(Stored data)
(* Let $f:\mathbb N\to(0,\infty)$ be a function and $\theta>0$. Consider the putative PPF defined for every $\mathbf n=(n_1,\dots,n_k)\in\mathbb N^*$ by $$p_j(\mathbf n)=\frac{f(n_j)}{\sum_{u=1}^k f(n_u)+\theta}\ (j=1,\dots,k),\qquad p_{k+1}(\mathbf n)=\frac{\theta}{\sum_{u=1}^k f(n_u)+\theta}.$$ Suppose this putative PPF satisfies $$p_i(\mathbf n)\,p_j(\mathbf n^{i+})=p_j(\mathbf n)\,p_i(\mathbf n^{j+})\quad\text{for all }\mathbf n\in\mathbb N^*,\ i,j\in\{1,\dots,k(\mathbf n)+1\}.$$ Then there exists $a>0$ such that $f(m)=am$ for all $m\in\mathbb N$.
   Context: Notation: $\mathbb N=\{1,2,\dots\}$ and $\mathbb N^*=\bigcup_{k\ge1}\mathbb N^k$. For $\mathbf n=(n_1,\dots,n_k)$ write $k(\mathbf n)=k$. For $j\le k$, $\mathbf n^{j+}$ is $\mathbf n$ with its $j$th entry increased by $1$; $\mathbf n^{(k+1)+}=(n_1,\dots,n_k,1)$. A putative PPF is a sequence of functions $p_j$ on $\mathbb N^*$ with $p_j(\mathbf n)\ge0$ and $\sum_{j=1}^{k(\mathbf n)+1}p_j(\mathbf n)=1$. *)

From Stdlib Require Import Reals Lra Lia Arith List Bool.
Import ListNotations.
Open Scope R_scope.

Definition in_Nstar (n : list nat) : Prop :=
  n <> nil /\ Forall (fun x => (1 <= x)%nat) n.

Definition kk (n : list nat) : nat := length n.

(* increase the entry at 0-based position i by one *)
Fixpoint incr_at (n : list nat) (i : nat) : list nat :=
  match n, i with
  | nil, _ => nil
  | x :: t, O => S x :: t
  | x :: t, S i' => x :: incr_at t i'
  end.

(* n^{j+} for 1 <= j <= k(n)+1 (1-based j, as in the paper) *)
Definition nplus (n : list nat) (j : nat) : list nat :=
  if (j <=? length n)%nat then incr_at n (j - 1) else n ++ [1%nat].

Definition fsum (f : nat -> R) (n : list nat) : R :=
  fold_right (fun x acc => f x + acc) 0 n.

(* the putative PPF p_j(n) of the corollary (1-based j; 0 outside 1..k+1) *)
Definition pf (f : nat -> R) (theta : R) (n : list nat) (j : nat) : R :=
  if andb (1 <=? j)%nat (j <=? length n)%nat
  then f (nth (j - 1) n 0%nat) / (fsum f n + theta)
  else if (j =? S (length n))%nat then theta / (fsum f n + theta)
  else 0.

From Stdlib Require Import Reals List Lra Lia.
Import ListNotations.
Open Scope R_scope.

(* For n = [m], with A = f m, B = f (m+1), C = f 1, the identity
   p_1(n) p_2(n^{1+}) = p_2(n) p_1(n^{2+}) reads
       A/(A+θ) · θ/(B+θ) = θ/(A+θ) · A/(A+C+θ),
   and cancelling the common positive factor A θ/(A+θ) gives B = A + C.
   Hence f satisfies the recursion f (m+1) = f m + f 1, whose only solution
   is f m = f 1 · m; the constant a := f 1 is positive. *)

Lemma in_Nstar_singleton (m : nat) : (1 <= m)%nat -> in_Nstar [m].
Proof.
  intros hm; split; [discriminate | constructor; [exact hm | constructor]].
Qed.

Lemma exchange_singleton_unfold (f : nat -> R) (theta : R) (m : nat) :
  pf f theta [m] 1 * pf f theta (nplus [m] 1) 2
  = pf f theta [m] 2 * pf f theta (nplus [m] 2) 1 <->
  f m / (f m + theta) * (theta / (f (S m) + theta))
  = theta / (f m + theta) * (f m / (f m + f 1%nat + theta)).
Proof.
  cbn; rewrite !Rplus_0_r; reflexivity.
Qed.

Lemma exchange_cancel (A B C theta : R) :
  0 < A -> 0 < B -> 0 < C -> 0 < theta ->
  A / (A + theta) * (theta / (B + theta))
  = theta / (A + theta) * (A / (A + C + theta)) ->
  B = A + C.
Proof.
  intros hA hB hC ht heq.
  assert (hfac : 0 < A * theta / (A + theta)).
  { apply Rdiv_lt_0_compat; nra. }
  assert (hinv : / (B + theta) = / (A + C + theta)).
  { apply (Rmult_eq_reg_l (A * theta / (A + theta))); [| lra].
    unfold Rdiv in *.
    transitivity (A * / (A + theta) * (theta * / (B + theta))); [ring |].
    rewrite heq; ring. }
  apply (f_equal Rinv) in hinv; rewrite !Rinv_inv in hinv; lra.
Qed.

Lemma additive_recursion_linear (g : nat -> R) :
  (forall m, (1 <= m)%nat -> g (S m) = g m + g 1%nat) ->
  forall m, (1 <= m)%nat -> g m = g 1%nat * INR m.
Proof.
  intros hrec m hm; induction m as [| m IH]; [lia |].
  destruct m as [| m]; [simpl; ring |].
  rewrite hrec, IH by lia; rewrite (S_INR (S m)); ring.
Qed.

Theorem corollary1 (f : nat -> R) (theta : R)
  (hf : forall m : nat, (1 <= m)%nat -> 0 < f m)
  (htheta : 0 < theta)
  (hsym : forall (n : list nat), in_Nstar n ->
     forall i j : nat,
       (1 <= i <= S (kk n))%nat -> (1 <= j <= S (kk n))%nat ->
       pf f theta n i * pf f theta (nplus n i) j
       = pf f theta n j * pf f theta (nplus n j) i) :
  exists a : R, 0 < a /\ forall m : nat, (1 <= m)%nat -> f m = a * INR m.
Proof.
  assert (hrec : forall m, (1 <= m)%nat -> f (S m) = f m + f 1%nat).
  { intros m hm.
    pose proof (hsym [m] (in_Nstar_singleton m hm) 1%nat 2%nat
                  ltac:(cbn; lia) ltac:(cbn; lia)) as hex.
    apply exchange_singleton_unfold in hex.
    apply (exchange_cancel _ _ _ theta); [apply hf; lia .. | exact htheta | exact hex]. }
  exists (f 1%nat); split; [apply hf; lia |].
  exact (additive_recursion_linear f hrec).
Qed.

WORK TO BE COMPLETED:
Return all lines from the data above with "positive" in them.

WRITTEN RESPONSE:
   and cancelling the common positive factor A θ/(A+θ) gives B = A + C.
   is f m = f 1 · m; the constant a := f 1 is positive. *)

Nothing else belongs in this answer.